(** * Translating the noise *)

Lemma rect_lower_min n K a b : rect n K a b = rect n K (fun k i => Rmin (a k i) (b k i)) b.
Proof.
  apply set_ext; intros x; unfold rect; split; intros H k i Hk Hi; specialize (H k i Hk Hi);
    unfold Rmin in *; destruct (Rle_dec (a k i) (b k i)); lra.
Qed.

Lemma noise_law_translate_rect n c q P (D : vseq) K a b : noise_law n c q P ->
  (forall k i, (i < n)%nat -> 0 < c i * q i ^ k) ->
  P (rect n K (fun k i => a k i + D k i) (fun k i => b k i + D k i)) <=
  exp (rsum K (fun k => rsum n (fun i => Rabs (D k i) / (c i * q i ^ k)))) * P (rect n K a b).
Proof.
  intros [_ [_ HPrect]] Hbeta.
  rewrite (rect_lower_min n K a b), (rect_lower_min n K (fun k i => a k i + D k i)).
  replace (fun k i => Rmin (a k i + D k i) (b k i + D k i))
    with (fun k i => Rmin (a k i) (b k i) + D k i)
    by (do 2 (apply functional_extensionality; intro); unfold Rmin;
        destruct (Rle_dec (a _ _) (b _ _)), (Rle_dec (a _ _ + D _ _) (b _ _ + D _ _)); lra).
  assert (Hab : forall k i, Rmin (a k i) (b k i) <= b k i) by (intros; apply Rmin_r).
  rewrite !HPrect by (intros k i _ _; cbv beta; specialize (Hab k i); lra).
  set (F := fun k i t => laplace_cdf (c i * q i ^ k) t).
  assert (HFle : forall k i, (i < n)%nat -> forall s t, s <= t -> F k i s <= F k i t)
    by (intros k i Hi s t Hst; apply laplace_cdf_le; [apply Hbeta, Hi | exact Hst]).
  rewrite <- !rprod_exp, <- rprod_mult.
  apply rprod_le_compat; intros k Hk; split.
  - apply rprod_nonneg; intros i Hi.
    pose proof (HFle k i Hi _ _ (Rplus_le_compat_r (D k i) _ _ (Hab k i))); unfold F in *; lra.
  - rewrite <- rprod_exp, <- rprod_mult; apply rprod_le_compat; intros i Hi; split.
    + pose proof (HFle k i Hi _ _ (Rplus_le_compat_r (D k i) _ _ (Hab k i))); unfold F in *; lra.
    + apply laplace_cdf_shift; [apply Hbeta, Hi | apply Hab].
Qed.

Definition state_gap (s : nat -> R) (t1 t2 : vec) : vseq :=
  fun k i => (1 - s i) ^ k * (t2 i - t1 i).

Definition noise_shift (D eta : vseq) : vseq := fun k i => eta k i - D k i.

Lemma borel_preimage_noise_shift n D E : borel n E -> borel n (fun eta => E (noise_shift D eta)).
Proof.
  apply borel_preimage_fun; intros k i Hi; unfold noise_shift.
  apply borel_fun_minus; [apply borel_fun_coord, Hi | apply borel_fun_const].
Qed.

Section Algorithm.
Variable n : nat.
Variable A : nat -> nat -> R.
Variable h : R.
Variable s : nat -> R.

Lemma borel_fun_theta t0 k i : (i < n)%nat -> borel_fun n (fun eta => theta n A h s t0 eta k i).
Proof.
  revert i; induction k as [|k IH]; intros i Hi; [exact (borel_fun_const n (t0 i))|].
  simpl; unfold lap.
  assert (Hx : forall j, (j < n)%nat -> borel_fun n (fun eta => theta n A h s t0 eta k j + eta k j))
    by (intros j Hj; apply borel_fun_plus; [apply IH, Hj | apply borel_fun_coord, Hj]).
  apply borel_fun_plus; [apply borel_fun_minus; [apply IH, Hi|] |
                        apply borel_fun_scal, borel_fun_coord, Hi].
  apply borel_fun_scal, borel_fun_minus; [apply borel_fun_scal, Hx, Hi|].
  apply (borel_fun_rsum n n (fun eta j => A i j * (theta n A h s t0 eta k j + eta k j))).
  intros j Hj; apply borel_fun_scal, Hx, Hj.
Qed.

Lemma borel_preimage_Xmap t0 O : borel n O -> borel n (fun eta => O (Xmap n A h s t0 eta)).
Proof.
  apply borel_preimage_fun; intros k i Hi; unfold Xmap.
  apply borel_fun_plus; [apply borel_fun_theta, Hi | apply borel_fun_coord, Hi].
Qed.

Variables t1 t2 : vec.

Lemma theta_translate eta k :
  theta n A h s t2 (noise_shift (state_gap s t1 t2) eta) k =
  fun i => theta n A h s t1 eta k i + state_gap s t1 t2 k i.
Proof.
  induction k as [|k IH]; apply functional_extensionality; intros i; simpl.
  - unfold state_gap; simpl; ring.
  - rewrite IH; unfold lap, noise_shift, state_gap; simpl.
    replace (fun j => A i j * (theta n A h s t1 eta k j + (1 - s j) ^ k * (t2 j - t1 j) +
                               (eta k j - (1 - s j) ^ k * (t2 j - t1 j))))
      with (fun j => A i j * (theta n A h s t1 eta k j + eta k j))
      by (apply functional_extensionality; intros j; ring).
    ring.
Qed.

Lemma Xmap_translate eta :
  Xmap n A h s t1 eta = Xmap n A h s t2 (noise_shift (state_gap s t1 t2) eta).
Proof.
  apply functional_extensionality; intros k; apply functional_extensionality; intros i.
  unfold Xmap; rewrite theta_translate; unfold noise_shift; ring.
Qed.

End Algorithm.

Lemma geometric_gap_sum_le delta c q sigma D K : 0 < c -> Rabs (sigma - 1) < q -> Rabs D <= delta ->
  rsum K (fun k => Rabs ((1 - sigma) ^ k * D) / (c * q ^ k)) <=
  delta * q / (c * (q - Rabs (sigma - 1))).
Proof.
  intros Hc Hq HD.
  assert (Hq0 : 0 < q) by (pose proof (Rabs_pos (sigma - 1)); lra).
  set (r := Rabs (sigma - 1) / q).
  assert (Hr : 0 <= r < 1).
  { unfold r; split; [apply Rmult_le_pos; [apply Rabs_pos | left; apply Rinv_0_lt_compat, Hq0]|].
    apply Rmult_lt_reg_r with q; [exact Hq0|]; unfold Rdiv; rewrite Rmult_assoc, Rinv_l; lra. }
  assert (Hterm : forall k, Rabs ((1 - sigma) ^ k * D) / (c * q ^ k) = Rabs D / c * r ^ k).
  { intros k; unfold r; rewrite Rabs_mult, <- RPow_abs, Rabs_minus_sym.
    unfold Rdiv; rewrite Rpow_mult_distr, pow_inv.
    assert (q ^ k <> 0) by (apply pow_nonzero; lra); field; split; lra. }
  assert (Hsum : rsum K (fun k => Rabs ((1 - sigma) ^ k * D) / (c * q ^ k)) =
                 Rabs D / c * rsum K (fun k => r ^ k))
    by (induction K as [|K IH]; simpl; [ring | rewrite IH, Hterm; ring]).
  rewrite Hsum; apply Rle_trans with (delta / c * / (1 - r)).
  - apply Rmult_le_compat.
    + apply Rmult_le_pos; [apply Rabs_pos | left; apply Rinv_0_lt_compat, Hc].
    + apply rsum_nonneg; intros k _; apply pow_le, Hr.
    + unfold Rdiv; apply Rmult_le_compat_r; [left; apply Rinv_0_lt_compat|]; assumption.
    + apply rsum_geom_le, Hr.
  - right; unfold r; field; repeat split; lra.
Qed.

Your task: Search the entries for "Lemma" and show every line that has it.

Task output:
Lemma rect_lower_min n K a b : rect n K a b = rect n K (fun k i => Rmin (a k i) (b k i)) b.
Lemma noise_law_translate_rect n c q P (D : vseq) K a b : noise_law n c q P ->
Lemma borel_preimage_noise_shift n D E : borel n E -> borel n (fun eta => E (noise_shift D eta)).
Lemma borel_fun_theta t0 k i : (i < n)%nat -> borel_fun n (fun eta => theta n A h s t0 eta k i).
Lemma borel_preimage_Xmap t0 O : borel n O -> borel n (fun eta => O (Xmap n A h s t0 eta)).
Lemma theta_translate eta k :
Lemma Xmap_translate eta :
Lemma geometric_gap_sum_le delta c q sigma D K : 0 < c -> Rabs (sigma - 1) < q -> Rabs D <= delta ->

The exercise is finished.